▶ _Task to complete_
Look for the line that has "Lemma find_settles h" in the material below; please repeat it and every line after it, exactly, up to and including the line that has "by have := hpre", and nothing else.

▶ _Record excerpts_
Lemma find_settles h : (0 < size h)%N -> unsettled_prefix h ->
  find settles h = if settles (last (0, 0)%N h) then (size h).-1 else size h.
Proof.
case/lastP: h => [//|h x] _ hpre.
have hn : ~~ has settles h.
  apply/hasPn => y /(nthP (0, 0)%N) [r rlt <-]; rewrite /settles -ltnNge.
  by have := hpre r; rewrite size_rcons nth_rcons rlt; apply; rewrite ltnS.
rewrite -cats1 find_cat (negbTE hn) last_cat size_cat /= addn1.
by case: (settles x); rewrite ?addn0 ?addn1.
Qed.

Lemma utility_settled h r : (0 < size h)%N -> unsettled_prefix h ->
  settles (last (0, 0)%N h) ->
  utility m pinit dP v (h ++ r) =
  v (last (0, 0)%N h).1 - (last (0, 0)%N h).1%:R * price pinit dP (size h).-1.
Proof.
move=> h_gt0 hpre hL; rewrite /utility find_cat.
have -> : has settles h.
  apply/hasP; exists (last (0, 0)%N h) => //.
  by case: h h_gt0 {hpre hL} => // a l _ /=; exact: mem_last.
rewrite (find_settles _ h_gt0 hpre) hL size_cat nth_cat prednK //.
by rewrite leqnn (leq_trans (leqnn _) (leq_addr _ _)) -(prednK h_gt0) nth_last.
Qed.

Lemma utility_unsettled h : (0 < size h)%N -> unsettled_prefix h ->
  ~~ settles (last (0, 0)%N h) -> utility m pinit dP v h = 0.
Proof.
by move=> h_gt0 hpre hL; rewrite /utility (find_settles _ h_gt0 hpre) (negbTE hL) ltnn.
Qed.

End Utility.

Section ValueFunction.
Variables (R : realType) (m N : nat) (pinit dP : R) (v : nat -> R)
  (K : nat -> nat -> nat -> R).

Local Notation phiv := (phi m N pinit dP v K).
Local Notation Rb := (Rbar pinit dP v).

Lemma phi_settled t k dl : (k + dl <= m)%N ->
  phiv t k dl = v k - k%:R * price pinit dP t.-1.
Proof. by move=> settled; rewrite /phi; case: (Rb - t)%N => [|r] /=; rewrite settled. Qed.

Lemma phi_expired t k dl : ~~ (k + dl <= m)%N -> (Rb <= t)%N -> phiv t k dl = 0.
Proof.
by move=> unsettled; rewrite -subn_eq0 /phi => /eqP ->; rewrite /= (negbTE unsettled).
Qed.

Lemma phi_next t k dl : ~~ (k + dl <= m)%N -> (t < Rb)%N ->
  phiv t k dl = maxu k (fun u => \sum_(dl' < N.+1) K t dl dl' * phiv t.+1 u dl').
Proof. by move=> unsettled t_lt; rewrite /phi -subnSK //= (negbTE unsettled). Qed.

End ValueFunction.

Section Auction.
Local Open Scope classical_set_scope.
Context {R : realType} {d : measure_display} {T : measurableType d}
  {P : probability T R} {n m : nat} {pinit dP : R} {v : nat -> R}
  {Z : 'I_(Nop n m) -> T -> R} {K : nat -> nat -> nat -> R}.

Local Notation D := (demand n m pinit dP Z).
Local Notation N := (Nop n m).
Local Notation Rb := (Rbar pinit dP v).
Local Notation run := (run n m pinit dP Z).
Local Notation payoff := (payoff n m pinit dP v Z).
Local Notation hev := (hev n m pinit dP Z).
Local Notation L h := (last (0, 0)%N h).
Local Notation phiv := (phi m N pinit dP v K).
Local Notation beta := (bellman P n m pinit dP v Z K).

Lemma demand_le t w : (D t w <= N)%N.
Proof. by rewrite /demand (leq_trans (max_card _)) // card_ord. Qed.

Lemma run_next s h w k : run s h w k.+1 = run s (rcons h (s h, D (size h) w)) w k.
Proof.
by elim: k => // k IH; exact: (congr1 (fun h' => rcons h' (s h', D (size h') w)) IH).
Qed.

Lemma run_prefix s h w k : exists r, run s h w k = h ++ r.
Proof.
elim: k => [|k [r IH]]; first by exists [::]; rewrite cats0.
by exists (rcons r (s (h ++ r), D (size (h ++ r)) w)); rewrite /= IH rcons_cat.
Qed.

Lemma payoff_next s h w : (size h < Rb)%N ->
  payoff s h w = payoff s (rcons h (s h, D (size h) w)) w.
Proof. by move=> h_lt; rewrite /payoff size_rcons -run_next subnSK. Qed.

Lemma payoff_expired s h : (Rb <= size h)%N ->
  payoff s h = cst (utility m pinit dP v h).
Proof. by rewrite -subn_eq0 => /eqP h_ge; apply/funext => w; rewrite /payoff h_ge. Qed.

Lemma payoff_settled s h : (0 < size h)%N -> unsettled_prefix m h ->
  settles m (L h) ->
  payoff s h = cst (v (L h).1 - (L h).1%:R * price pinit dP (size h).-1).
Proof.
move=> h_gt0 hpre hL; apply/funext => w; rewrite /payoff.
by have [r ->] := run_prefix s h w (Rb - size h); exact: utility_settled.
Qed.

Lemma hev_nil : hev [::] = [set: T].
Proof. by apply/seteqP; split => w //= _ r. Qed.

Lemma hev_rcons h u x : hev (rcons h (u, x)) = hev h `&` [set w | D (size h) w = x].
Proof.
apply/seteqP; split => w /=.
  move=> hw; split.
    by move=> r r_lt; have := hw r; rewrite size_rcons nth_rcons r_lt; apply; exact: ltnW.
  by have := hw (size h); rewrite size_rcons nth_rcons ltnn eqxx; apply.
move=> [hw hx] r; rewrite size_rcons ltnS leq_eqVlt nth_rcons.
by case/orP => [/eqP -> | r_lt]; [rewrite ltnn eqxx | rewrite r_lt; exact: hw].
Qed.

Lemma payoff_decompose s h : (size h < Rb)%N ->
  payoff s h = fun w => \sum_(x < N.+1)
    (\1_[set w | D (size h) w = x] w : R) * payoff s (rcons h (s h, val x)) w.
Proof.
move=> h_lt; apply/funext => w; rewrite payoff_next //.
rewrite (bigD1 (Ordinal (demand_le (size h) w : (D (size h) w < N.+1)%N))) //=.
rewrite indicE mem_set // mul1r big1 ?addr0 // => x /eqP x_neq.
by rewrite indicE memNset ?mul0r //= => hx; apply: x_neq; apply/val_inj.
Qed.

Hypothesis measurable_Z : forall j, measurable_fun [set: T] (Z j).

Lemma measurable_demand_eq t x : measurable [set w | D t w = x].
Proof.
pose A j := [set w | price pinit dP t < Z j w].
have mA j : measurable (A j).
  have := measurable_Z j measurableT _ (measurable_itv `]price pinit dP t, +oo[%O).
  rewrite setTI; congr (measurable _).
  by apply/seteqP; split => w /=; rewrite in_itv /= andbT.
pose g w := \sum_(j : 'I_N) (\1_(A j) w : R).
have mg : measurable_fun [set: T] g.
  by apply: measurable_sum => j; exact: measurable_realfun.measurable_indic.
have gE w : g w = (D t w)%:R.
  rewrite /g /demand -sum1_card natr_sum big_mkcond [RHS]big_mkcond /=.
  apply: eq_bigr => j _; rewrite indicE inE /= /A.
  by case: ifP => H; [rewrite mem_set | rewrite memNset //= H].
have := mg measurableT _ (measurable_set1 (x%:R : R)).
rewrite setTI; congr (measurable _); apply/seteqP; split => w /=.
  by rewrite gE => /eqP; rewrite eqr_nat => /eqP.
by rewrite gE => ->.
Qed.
==
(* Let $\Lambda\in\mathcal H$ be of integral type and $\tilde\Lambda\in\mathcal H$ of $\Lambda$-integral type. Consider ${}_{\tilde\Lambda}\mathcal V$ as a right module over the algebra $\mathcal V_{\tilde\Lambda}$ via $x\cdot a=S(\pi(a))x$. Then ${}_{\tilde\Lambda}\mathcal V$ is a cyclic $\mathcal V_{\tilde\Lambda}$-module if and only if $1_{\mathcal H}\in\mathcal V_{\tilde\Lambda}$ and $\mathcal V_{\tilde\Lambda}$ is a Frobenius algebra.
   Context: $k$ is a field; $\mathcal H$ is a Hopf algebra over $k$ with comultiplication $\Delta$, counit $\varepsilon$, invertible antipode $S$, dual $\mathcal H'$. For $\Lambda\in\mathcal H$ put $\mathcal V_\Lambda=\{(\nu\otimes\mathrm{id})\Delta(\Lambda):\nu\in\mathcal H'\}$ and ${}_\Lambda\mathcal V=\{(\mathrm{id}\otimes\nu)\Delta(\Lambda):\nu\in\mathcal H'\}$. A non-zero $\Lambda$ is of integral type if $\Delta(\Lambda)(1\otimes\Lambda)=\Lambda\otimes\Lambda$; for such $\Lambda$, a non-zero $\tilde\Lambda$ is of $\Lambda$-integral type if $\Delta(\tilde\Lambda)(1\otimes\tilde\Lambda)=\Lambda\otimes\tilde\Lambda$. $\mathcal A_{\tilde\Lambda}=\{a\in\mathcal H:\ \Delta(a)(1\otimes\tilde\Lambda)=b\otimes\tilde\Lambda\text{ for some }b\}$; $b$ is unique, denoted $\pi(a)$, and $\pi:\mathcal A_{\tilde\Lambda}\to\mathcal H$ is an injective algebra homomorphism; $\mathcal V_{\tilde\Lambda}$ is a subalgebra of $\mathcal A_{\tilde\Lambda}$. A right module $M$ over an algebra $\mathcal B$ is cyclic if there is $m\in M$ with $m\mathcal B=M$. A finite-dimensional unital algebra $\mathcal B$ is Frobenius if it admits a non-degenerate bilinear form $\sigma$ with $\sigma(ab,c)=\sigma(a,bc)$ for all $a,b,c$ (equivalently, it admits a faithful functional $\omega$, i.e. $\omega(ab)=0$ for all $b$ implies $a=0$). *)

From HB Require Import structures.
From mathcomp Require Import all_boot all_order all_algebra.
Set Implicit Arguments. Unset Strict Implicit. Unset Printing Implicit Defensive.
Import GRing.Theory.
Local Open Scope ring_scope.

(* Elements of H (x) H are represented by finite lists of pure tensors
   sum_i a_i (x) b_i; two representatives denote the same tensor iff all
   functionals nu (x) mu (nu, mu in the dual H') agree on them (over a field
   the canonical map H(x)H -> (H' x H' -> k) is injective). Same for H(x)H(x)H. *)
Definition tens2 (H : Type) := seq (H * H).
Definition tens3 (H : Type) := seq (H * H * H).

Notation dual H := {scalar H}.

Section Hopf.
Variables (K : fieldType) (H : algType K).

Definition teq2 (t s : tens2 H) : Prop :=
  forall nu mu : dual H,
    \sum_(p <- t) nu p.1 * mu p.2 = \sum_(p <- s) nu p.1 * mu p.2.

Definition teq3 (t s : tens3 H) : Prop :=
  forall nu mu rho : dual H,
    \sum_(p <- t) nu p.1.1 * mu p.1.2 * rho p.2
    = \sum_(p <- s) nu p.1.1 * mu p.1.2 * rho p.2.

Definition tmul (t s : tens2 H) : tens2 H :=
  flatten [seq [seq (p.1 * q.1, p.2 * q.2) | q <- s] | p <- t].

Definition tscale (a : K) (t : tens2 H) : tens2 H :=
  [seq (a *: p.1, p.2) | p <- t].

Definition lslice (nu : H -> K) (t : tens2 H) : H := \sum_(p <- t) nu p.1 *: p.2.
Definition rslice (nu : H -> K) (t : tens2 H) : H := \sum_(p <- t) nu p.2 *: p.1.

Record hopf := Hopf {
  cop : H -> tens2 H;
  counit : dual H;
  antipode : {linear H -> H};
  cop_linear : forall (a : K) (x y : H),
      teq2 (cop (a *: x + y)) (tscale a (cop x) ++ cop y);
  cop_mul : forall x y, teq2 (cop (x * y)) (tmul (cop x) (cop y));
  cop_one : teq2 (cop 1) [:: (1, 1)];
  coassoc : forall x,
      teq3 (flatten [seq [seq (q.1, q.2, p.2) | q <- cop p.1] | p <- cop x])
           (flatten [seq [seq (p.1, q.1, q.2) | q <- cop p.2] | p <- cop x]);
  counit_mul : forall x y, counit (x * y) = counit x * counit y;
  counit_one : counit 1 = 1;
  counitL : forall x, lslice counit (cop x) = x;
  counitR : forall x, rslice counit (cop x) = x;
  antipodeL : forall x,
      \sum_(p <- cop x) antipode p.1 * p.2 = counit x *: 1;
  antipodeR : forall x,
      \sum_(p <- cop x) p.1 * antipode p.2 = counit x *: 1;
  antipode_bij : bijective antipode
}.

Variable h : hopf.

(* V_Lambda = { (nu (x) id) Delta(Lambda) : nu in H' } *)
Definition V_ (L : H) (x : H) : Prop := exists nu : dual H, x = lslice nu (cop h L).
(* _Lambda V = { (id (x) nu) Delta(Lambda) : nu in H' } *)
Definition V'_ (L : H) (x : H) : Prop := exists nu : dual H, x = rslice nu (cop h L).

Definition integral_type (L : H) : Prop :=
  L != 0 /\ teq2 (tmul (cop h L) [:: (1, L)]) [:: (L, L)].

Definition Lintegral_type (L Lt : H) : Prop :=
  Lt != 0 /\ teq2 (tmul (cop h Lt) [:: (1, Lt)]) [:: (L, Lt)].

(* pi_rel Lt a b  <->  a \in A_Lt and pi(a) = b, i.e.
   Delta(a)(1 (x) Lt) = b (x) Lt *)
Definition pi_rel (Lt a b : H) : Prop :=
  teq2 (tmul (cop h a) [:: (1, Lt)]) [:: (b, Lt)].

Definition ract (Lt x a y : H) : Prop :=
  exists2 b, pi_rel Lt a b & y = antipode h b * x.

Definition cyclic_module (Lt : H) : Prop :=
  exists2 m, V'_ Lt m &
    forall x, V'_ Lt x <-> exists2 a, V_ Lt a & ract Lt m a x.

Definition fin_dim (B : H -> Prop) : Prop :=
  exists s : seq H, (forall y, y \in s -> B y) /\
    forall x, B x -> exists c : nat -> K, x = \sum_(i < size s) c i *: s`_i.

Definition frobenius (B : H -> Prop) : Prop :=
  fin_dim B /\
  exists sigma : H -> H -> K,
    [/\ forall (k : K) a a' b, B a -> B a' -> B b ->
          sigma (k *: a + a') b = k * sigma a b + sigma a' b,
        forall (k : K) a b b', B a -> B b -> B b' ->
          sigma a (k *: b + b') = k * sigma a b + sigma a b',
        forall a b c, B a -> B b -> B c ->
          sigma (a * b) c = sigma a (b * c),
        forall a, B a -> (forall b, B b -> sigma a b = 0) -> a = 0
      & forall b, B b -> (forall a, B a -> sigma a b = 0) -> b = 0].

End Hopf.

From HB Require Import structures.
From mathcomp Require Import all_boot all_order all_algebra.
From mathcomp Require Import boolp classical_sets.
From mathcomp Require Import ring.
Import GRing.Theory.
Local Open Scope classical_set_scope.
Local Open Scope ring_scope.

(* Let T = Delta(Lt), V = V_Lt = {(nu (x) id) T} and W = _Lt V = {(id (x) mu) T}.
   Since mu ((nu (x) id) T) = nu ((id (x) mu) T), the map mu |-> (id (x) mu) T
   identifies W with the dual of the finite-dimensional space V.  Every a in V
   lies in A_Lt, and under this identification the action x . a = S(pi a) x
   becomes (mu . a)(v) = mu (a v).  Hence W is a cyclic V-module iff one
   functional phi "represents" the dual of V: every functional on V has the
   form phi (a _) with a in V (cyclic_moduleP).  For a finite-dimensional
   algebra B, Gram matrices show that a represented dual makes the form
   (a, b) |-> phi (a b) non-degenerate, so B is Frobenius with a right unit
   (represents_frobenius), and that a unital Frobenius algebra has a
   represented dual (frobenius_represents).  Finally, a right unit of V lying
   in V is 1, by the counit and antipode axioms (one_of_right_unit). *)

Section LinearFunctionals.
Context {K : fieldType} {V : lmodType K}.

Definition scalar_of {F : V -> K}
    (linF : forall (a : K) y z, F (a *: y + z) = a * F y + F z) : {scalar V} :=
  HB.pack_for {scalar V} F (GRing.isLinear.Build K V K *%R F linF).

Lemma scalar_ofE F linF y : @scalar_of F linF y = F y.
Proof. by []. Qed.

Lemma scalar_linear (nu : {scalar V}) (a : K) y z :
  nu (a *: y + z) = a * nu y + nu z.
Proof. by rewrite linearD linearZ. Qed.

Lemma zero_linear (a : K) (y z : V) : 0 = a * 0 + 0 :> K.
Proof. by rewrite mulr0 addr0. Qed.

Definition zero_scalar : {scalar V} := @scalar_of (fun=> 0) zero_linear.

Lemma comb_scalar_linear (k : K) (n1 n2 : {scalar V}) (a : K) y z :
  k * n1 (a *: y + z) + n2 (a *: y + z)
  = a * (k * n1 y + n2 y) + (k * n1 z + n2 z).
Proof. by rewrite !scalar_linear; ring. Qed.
---
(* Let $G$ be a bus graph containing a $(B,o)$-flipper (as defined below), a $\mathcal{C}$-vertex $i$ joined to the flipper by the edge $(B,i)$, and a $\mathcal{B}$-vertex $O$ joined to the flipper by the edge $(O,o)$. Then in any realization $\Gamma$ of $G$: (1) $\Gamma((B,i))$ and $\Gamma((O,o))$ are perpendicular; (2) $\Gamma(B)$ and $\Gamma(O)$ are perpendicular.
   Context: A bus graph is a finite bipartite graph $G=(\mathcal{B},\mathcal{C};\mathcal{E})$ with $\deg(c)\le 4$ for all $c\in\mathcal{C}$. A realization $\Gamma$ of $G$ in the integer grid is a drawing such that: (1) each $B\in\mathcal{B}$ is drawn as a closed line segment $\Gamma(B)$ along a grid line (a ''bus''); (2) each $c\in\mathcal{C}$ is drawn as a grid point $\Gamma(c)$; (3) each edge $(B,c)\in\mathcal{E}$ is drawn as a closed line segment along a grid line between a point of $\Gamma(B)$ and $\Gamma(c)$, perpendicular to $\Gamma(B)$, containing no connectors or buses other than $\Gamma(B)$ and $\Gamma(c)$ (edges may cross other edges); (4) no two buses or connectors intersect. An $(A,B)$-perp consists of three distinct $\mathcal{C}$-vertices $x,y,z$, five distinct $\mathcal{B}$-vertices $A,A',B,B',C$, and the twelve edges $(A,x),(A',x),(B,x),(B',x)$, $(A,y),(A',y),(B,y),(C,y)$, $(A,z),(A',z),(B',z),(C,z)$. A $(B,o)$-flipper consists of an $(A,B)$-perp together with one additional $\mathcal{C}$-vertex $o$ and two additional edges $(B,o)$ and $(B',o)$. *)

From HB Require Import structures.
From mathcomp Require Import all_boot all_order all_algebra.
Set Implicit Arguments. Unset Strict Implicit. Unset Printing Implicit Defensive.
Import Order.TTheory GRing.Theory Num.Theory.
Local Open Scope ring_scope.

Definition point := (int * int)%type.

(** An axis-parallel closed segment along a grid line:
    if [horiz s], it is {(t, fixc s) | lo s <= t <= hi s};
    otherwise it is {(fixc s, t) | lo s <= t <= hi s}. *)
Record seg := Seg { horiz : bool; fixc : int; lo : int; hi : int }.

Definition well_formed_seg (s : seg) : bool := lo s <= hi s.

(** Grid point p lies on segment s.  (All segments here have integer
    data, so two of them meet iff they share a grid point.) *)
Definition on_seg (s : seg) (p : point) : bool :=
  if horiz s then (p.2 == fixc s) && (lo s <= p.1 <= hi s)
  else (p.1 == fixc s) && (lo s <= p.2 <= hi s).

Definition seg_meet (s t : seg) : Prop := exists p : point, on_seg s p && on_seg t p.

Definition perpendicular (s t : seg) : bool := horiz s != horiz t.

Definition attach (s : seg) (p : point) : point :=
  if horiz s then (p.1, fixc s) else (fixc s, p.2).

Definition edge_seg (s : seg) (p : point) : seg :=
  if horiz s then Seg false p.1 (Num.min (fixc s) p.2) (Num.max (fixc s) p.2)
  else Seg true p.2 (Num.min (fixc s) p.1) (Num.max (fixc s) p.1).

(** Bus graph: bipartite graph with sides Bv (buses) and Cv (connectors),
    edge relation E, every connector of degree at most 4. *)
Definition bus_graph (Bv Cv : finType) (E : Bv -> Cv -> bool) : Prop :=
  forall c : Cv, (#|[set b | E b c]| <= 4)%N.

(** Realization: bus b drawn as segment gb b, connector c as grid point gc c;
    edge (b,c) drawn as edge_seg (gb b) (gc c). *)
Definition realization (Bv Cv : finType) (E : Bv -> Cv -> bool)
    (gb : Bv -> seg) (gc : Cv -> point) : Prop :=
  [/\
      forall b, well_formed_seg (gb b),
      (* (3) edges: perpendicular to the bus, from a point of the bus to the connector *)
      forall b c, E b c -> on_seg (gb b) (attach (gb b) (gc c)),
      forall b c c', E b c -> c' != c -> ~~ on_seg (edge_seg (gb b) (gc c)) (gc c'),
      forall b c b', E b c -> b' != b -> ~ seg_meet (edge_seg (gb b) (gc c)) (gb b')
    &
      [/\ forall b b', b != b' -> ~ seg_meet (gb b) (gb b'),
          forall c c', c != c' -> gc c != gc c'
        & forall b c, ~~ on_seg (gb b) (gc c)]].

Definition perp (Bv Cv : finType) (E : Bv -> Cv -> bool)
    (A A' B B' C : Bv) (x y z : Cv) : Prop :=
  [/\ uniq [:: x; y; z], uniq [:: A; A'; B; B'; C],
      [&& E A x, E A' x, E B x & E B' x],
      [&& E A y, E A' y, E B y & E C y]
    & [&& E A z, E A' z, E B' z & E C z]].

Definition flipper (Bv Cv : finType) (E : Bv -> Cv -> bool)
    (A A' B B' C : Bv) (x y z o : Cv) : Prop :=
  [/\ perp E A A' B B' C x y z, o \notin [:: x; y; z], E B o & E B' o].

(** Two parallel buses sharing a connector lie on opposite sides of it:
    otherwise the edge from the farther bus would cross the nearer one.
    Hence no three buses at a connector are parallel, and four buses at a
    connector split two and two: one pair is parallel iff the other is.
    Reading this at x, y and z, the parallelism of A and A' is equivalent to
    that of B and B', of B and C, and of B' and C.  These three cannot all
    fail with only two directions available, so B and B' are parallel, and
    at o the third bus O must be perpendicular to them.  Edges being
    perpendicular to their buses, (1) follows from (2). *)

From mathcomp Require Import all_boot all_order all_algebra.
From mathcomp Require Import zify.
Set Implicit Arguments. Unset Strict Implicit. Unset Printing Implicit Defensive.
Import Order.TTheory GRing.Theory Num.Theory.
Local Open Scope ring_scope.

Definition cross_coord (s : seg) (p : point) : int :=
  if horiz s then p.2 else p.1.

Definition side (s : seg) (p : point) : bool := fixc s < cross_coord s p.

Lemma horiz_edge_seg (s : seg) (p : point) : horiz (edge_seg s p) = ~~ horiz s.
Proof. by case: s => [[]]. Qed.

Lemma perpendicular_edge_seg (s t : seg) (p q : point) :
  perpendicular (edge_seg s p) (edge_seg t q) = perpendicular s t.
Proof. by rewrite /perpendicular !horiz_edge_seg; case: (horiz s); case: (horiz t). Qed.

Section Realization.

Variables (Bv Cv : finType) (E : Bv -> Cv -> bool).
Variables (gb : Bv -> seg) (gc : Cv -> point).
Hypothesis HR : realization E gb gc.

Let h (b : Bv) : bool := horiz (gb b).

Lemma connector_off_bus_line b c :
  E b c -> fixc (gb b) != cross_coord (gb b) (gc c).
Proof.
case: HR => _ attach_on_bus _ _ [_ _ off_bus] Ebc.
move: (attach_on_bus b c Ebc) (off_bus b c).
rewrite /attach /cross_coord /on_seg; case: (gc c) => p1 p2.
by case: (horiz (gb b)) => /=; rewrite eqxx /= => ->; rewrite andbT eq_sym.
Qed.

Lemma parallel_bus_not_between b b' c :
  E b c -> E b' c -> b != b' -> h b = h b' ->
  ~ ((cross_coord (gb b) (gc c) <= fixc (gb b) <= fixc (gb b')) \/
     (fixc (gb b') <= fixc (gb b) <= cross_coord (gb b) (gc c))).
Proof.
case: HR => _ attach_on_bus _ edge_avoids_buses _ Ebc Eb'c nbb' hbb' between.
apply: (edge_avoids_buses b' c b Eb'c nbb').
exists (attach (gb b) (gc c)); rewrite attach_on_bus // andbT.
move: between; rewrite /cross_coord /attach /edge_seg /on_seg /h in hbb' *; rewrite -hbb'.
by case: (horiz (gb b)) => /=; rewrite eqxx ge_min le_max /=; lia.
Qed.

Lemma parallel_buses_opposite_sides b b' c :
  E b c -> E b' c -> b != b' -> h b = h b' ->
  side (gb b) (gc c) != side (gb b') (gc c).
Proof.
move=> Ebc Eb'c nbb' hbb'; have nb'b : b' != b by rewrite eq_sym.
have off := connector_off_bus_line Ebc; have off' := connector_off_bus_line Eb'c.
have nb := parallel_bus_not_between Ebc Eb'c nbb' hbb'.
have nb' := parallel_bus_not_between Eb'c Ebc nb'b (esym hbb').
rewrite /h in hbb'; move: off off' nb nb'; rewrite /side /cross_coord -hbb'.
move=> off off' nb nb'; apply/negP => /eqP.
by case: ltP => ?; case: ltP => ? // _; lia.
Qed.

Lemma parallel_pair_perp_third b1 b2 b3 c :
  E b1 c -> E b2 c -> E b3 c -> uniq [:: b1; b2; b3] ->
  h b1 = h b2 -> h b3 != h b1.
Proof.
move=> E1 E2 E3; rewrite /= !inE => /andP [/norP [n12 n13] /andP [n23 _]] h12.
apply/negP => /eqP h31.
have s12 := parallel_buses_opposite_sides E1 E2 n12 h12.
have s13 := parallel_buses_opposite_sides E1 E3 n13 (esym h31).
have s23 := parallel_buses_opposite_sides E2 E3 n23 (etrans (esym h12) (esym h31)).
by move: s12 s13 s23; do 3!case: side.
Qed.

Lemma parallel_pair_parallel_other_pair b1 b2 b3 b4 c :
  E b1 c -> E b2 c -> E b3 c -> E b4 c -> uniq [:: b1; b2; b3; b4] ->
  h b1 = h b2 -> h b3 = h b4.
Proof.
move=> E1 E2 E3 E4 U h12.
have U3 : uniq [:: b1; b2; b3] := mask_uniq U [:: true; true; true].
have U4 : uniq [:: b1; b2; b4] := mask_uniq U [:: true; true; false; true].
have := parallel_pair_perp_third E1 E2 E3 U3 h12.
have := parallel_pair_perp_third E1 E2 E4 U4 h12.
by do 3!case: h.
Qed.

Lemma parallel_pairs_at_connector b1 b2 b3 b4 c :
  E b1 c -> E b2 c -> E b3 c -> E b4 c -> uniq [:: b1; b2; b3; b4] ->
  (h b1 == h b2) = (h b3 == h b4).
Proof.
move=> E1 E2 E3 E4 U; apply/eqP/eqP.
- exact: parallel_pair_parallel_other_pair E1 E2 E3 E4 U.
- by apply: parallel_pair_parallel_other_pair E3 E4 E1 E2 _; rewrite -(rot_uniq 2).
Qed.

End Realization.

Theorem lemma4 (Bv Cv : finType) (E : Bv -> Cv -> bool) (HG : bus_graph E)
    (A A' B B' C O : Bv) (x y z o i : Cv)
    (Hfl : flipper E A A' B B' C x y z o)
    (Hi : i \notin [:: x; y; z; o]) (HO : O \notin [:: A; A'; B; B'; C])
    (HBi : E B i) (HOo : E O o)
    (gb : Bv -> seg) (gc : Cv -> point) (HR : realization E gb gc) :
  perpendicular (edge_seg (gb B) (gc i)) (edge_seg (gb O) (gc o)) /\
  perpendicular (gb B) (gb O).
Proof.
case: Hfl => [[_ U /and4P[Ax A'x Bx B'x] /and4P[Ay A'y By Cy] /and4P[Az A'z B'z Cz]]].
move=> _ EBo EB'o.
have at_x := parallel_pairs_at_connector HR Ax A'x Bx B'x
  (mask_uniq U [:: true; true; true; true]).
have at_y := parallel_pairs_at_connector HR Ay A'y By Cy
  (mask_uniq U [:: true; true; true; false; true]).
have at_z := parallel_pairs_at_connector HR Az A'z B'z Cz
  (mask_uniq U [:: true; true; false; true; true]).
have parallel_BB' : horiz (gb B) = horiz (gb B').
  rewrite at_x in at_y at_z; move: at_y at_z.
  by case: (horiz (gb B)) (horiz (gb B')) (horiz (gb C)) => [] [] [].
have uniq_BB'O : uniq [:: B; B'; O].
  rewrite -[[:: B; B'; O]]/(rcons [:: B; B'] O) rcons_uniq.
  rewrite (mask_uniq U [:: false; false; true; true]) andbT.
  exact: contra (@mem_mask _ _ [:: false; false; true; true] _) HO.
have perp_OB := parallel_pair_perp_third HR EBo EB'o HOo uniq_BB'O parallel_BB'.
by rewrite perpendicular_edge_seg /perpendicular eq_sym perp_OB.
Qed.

▶ _Solved exercise_
Lemma find_settles h : (0 < size h)%N -> unsettled_prefix h ->
  find settles h = if settles (last (0, 0)%N h) then (size h).-1 else size h.
Proof.
case/lastP: h => [//|h x] _ hpre.
have hn : ~~ has settles h.
  apply/hasPn => y /(nthP (0, 0)%N) [r rlt <-]; rewrite /settles -ltnNge.
  by have := hpre r; rewrite size_rcons nth_rcons rlt; apply; rewrite ltnS.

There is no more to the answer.